Scritto sui banchi

23 novembre 2008

la classe, le scuole

Fine settimana straniante. Di letture dedicate alla scuola. Ieri ho letto la classe, e oggi pagine e pagine della scuola crollata vicino Torino. Nella mia scuola non c'è un metro quadro a norma. Ho difficcoltà a trovare una maniglia che funzioni e nella maggior parte delle aule ci sono fili elettrici a vista. Manchiamo di tutto. ma forse, più di tutto di dignità. non sappiamo chiedere. non sappiamo farlo bene.
Da una parte la scuola, di fronte la Reggia. L'altro giorno Carlo D'Amicis, che ho coinvolto in un progetto, si chiedeva, chiedeva ai ragazzi, "sappiamo percepirle le differenze? sappiamo andare verso la bellezza?".
Poco fa un amico a telefono: è assurdo morire a scuola.
e forse dovrebbe bastare questa come espressione.
Invece bisogna continuare a ragionare. E capire questo caspita di assurdo di cosa si nutre, di cosa e da cosa è alimentato. dall'incuria di noi insegnanti, dalla politica, dai dirigenti, dagli alunni, dai genitori?

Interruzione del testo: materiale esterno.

(* Let $p\ge1$ be an integer, $x_1,\dots,x_p\in\mathbb{R}_{\ge0}$, $\epsilon\in(0,1]$, and $\delta>0$ with $\delta\le\frac{\max_{i\in[p]}x_i}{4\epsilon^{-1}\log(2p\epsilon^{-1})}$. Let $x'_1,\dots,x'_p\in\mathbb{R}_{\ge0}$ satisfy $x_i\le x'_i\le x_i+\delta$ for all $i\in[p]$. Then $\mathrm{TV}\big(\mathrm{softargmax}^\epsilon_{i\in[p]}x_i,\ \mathrm{softargmax}^\epsilon_{i\in[p]}x'_i\big)\le\frac{10\epsilon^{-1}\log(2p\epsilon^{-1})\delta}{\max_{i\in[p]}x_i}$.
   Context: Softmax: if $\max_i x_i=0$, $\mathrm{softargmax}^\epsilon_{i\in[p]}x_i$ is an arbitrary index $i$ with $x_i=0$. Otherwise, sample $\bm c$ uniformly from $\big[\frac{2\epsilon^{-1}\log(2p\epsilon^{-1})}{\max_i x_i},\frac{4\epsilon^{-1}\log(2p\epsilon^{-1})}{\max_i x_i}\big]$, then sample $\bm i^*\in[p]$ with $\Pr[\bm i^*=i\mid\bm c]=\exp(\bm c x_i)/\sum_{i'\in[p]}\exp(\bm c x_{i'})$, and set $\mathrm{softargmax}^\epsilon_{i\in[p]}x_i=\bm i^*$ (the same procedure applied to $x'_1,\dots,x'_p$ defines $\mathrm{softargmax}^\epsilon_{i\in[p]}x'_i$). $\log$ is natural. The total variation distance of random variables $\bm X,\bm X'$ is $\mathrm{TV}(\bm X,\bm X')=\inf_{\mathcal D}\Pr_{(X,X')\sim\mathcal D}[X\neq X']$ over couplings $\mathcal D$. *)

From HB Require Import structures.
From mathcomp Require Import all_boot all_order all_algebra.
From mathcomp Require Import all_classical all_reals all_analysis.
Set Implicit Arguments. Unset Strict Implicit. Unset Printing Implicit Defensive.
Import Order.TTheory GRing.Theory Num.Theory.
Import numFieldNormedType.Exports.
Local Open Scope classical_set_scope.
Local Open Scope ring_scope.

(* max_{i in [p]} x_i ; the x_i are nonnegative in all uses, base 0 *)
Definition maxx (R : realType) (p : nat) (x : 'I_p -> R) : R :=
  \big[Num.max/0]_(i < p) x i.

Definition sa_L (R : realType) (p : nat) (eps : R) : R :=
  eps^-1 * ln (2 * p%:R * eps^-1).

(* Probability mass function of softargmax^eps_{i in [p]} x_i :
   c uniform on [2L/M, 4L/M], then i* = i with prob exp(c x_i)/sum exp(c x_j).
   If M = 0 ("arbitrary index with x_i = 0"), we pick index 0 (all x_i = 0
   for nonnegative x). *)
Definition softargmax_pmf (R : realType) (p : nat) (eps : R)
    (x : 'I_p -> R) (i : 'I_p) : R :=
  let M := maxx x in
  if M == 0 then (if val i == 0%N then 1 else 0)
  else
    let a := 2 * sa_L p eps / M in
    let b := 4 * sa_L p eps / M in
    (b - a)^-1 *
      \int[lebesgue_measure]_(c in `[a, b]%classic)
         (expR (c * x i) / \sum_(j < p) expR (c * x j)).

Definition is_coupling (R : realType) (p : nat) (P Q : 'I_p -> R)
    (D : 'I_p -> 'I_p -> R) : Prop :=
  (forall i j, 0 <= D i j) /\
  (forall i, \sum_(j < p) D i j = P i) /\
  (forall j, \sum_(i < p) D i j = Q j).

Definition TV (R : realType) (p : nat) (P Q : 'I_p -> R) : R :=
  inf [set r : R | exists D, is_coupling P Q D /\
        r = \sum_(i < p) \sum_(j < p) (if i != j then D i j else 0)].

From HB Require Import structures.
From mathcomp Require Import all_boot all_order all_algebra.
From mathcomp Require Import all_classical all_reals all_analysis.
From mathcomp Require Import ring lra.
Import Order.TTheory GRing.Theory Num.Theory.
Import numFieldNormedType.Exports.
Local Open Scope classical_set_scope.
Local Open Scope ring_scope.

(* Writing L := eps^-1 log (2 p eps^-1), M := max x and a := 2L/M, the law of
   softargmax is the average over c in [a, 2a] of softmax at inverse temperature c.
   Raising x to x' has two effects.  At fixed c every softmax weight shrinks by at
   most the factor exp (- c delta) >= 1 - c delta, which loses at most 2 a delta of
   mass.  The maximum grows to M' <= M + delta, so the window moves down to
   [a', 2a'] with a' = 2L/M' >= a/2; the mass of [a, 2a] not covered by [a', 2a']
   is at most (2a - 2a')/a = 2(M' - M)/M' <= 2 delta/M.  The maximal coupling
   bounds the TV distance by the total excess mass, and L >= 1/2 turns
   (4L + 2) delta/M into at most 10 L delta/M. *)

Lemma mulr_psumK {R : realFieldType} {T : finType} {u : T -> R} {s : R} (i : T) :
  (forall j, 0 <= u j) -> \sum_j u j = s -> u i * s / s = u i.
Proof.
move=> u_ge0 <-; have [s0|s_neq0] := eqVneq (\sum_j u j) 0; last by rewrite mulfK.
move/eqP: s0; rewrite psumr_eq0 => [/allP/(_ i (mem_index_enum i))/eqP->|j _].
  by rewrite !mul0r.
exact: u_ge0.
Qed.

Section maximal_coupling.
Context {R : realType} {p : nat} (P Q : 'I_p -> R).

Lemma TV_le_coupling D : is_coupling P Q D ->
  TV P Q <= \sum_(i < p) \sum_(j < p) (if i != j then D i j else 0).
Proof.
move=> PQD; apply: ge_inf; last by exists D.
exists 0 => _ [D' [[D'_ge0 _] ->]].
by rewrite sumr_ge0 // => i _; rewrite sumr_ge0 // => j _; case: ifP.
Qed.

Hypotheses (P_ge0 : forall i, 0 <= P i) (Q_ge0 : forall i, 0 <= Q i).
Hypothesis sumPQ : \sum_(i < p) P i = \sum_(i < p) Q i.

Let m i := Num.min (P i) (Q i).
Let s := \sum_(i < p) (P i - m i).

Let Pm_ge0 i : 0 <= P i - m i. Proof. by rewrite subr_ge0 ge_min lexx. Qed.
Let Qm_ge0 i : 0 <= Q i - m i. Proof. by rewrite subr_ge0 ge_min lexx orbT. Qed.
Let sumQm : \sum_(i < p) (Q i - m i) = s. Proof. by rewrite /s !sumrB sumPQ. Qed.

(* Keep the common mass on the diagonal, spread the excesses independently. *)
Definition maximal_coupling i j :=
  (if i == j then m i else 0) + (P i - m i) * (Q j - m j) / s.

Lemma maximal_couplingP : is_coupling P Q maximal_coupling.
Proof.
split; [|split] => [i j|i|j]; rewrite /maximal_coupling.
- rewrite addr_ge0 ?divr_ge0 ?mulr_ge0 ?sumr_ge0 //.
  by case: eqP => // _; rewrite le_min P_ge0 Q_ge0.
- rewrite big_split /= -big_mkcond /= (big_pred1 i) => [|k]; last by rewrite eq_sym.
  by rewrite -mulr_suml -mulr_sumr sumQm (mulr_psumK _ Pm_ge0 erefl) addrC subrK.
- rewrite big_split /= -big_mkcond /= big_pred1_eq -!mulr_suml -/s.
  by rewrite [s * _]mulrC (mulr_psumK _ Qm_ge0 sumQm) addrC subrK.
Qed.

Lemma TV_le_excess : TV P Q <= \sum_(i < p) (P i - Num.min (P i) (Q i)).
Proof.
apply: le_trans (TV_le_coupling _ maximal_couplingP) _.
apply: (@le_trans _ _ (\sum_(i < p) \sum_(j < p) ((P i - m i) * (Q j - m j) / s))).
  apply: ler_sum => i _; apply: ler_sum => j _; rewrite /maximal_coupling.
  by case: eqP => _ /=; rewrite ?add0r ?divr_ge0 ?mulr_ge0 ?sumr_ge0.
under eq_bigr do rewrite -mulr_suml -mulr_sumr sumQm.
rewrite -!mulr_suml -/s; have [->|s_neq0] := eqVneq s 0; first by rewrite !mul0r.
by rewrite mulfK.
Qed.

End maximal_coupling.

Lemma Rintegral_sum d (T : measurableType d) (R : realType)
    (mu : {measure set T -> \bar R}) (D : set T) (I : Type) (s : seq I)
    (F : I -> T -> R) :
  measurable D -> (forall i, mu.-integrable D (EFin \o F i)) ->
  \int[mu]_(t in D) (\sum_(i <- s) F i t) = \sum_(i <- s) \int[mu]_(t in D) F i t.
Proof.
move=> mD intF; elim: s => [|i s IHs].
  by under eq_Rintegral do rewrite big_nil; rewrite big_nil Rintegral_cst // mul0r.
rewrite big_cons -IHs; under eq_Rintegral do rewrite big_cons.
rewrite RintegralD //.
have := @integrable_sum _ _ _ mu D mD _ s xpredT _ (fun i _ => intF i).
by apply: eq_integrable => // t _; rewrite /= sumEFin.
Qed.

Section lebesgue_interval.
Context {R : realType}.
Local Notation mu := (@lebesgue_measure R).

Lemma lebesgue_measure_itv_fine (u v : R) b1 b2 : u <= v ->
  fine (mu [set` Interval (BSide b1 u) (BSide b2 v)]) = v - u.
Proof.
move=> uv; rewrite lebesgue_measure_itv /= lte_fin.
by case: ltgtP uv => // <-; rewrite subrr.
Qed.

Qui di seguito, gli appunti scritti l'altro pomeriggio. Oggi già vecchi, forse inutili. O forse no.

La classe, di Francois Begadeau è la mia lettura di questi giorni. Mescolata alle decine di quaderni, compiti in classe, circolari di progetti, e altri libri. Tutti nella borsa della scuola. Diventata oramai il cassetto portatile di una ipotetica scrivania.
“Il romanzo che ha fatto disperare i professori e divertito fino alle lacrime gli studenti” come recita lo strillo in copertina, è davvero interessante. Una classe multietnica, ragazzi che si portano dietro mondi interi quando arrivano a scuola, professori costantemente in bilico tra disfattismo e tenacia, macchine della fotocopiatrice che funzionano a singhiozzo (banale ma vero: tutto il mondo è paese), discorsi sul calcio, sull’amore e sulla vita che si mescolano sui banchi, tra i banchi.
L’Autore sembra molto insistere sulla questione onomastica: i suoi studenti hanno nomi che sanno di mediterraneo, che portano dentro villaggi africani. Mentre gli insegnanti, finanche nei cognomi conservano intatta l’allure della lingua francese.
Questo è uno dei due aspetti che più mi colpisce. Nei miei registri c’è ancora una teoria di raffaele, Giuseppe, Alfredo, Tommaso, Antonio. Ci vedo dietro storie di nonni, di padri, di cugini con uguale nome e cognome. Ogni tanto, rarissimmente, trovo un Alessandro, un Federico, un Daniele. E senti anche la spinta di modernità, di apertura, di slancio verso il futuro in un nome scelto venti anni fa.
Lo so, ci sono scuole diverse, piene di Sara e Alessia, Federica, Martina e Chiara. Nomi modaioli, urbani. Ma nella mia scuola, come ne La Classe il nome è ancora attaccamento alla terra, radice bitorzoluta che porta lontano.
Una vera fissazione questa delle parole che hanno dentro una storia. Tanto che l’insegnante usa spesso il vocabolario, l’analisi logicia. Così come ha raccontato anche Pennac nel suo Diario di scuola. Beati loro, sempre con quel vocabolario tra le mani. Faccio anch’io un peccato di nostalgia ricordando il mio Piccolo Palazzi, fedelissimo compagno di banco, di cui avrò letto duecento volte tutte le tavole colorate e pochissime volte le parole.
Mi è sembrato di capire che nelle scuole francesi il dizionario è un po’ come per noi il gesso e il cassino. Sempre in classe. Invece da noi i vocabolari sono chiusi nelle biblioteche, prenderli è un viaggio, bisogna oltrepassare la soglia simbolica della bidella che ha le chiavi, delle scansie da aprire, del vocabolario da prendere, portarlo in classe, trovare mezza parola e poi rifare tutto il percorso all’indietro.
A nessuno verrebbe mai di dotare ogni classe di un dizionario. Come sempre noi prof dovremmo dare il buon esempio. E magari potremmo portarcelo da casa. E andare a scuola con il carrello della spesa. E in fondo, metaforicamente, non sarebbe male. E’ tutto quello che resta della nostra professione, la quotidianità.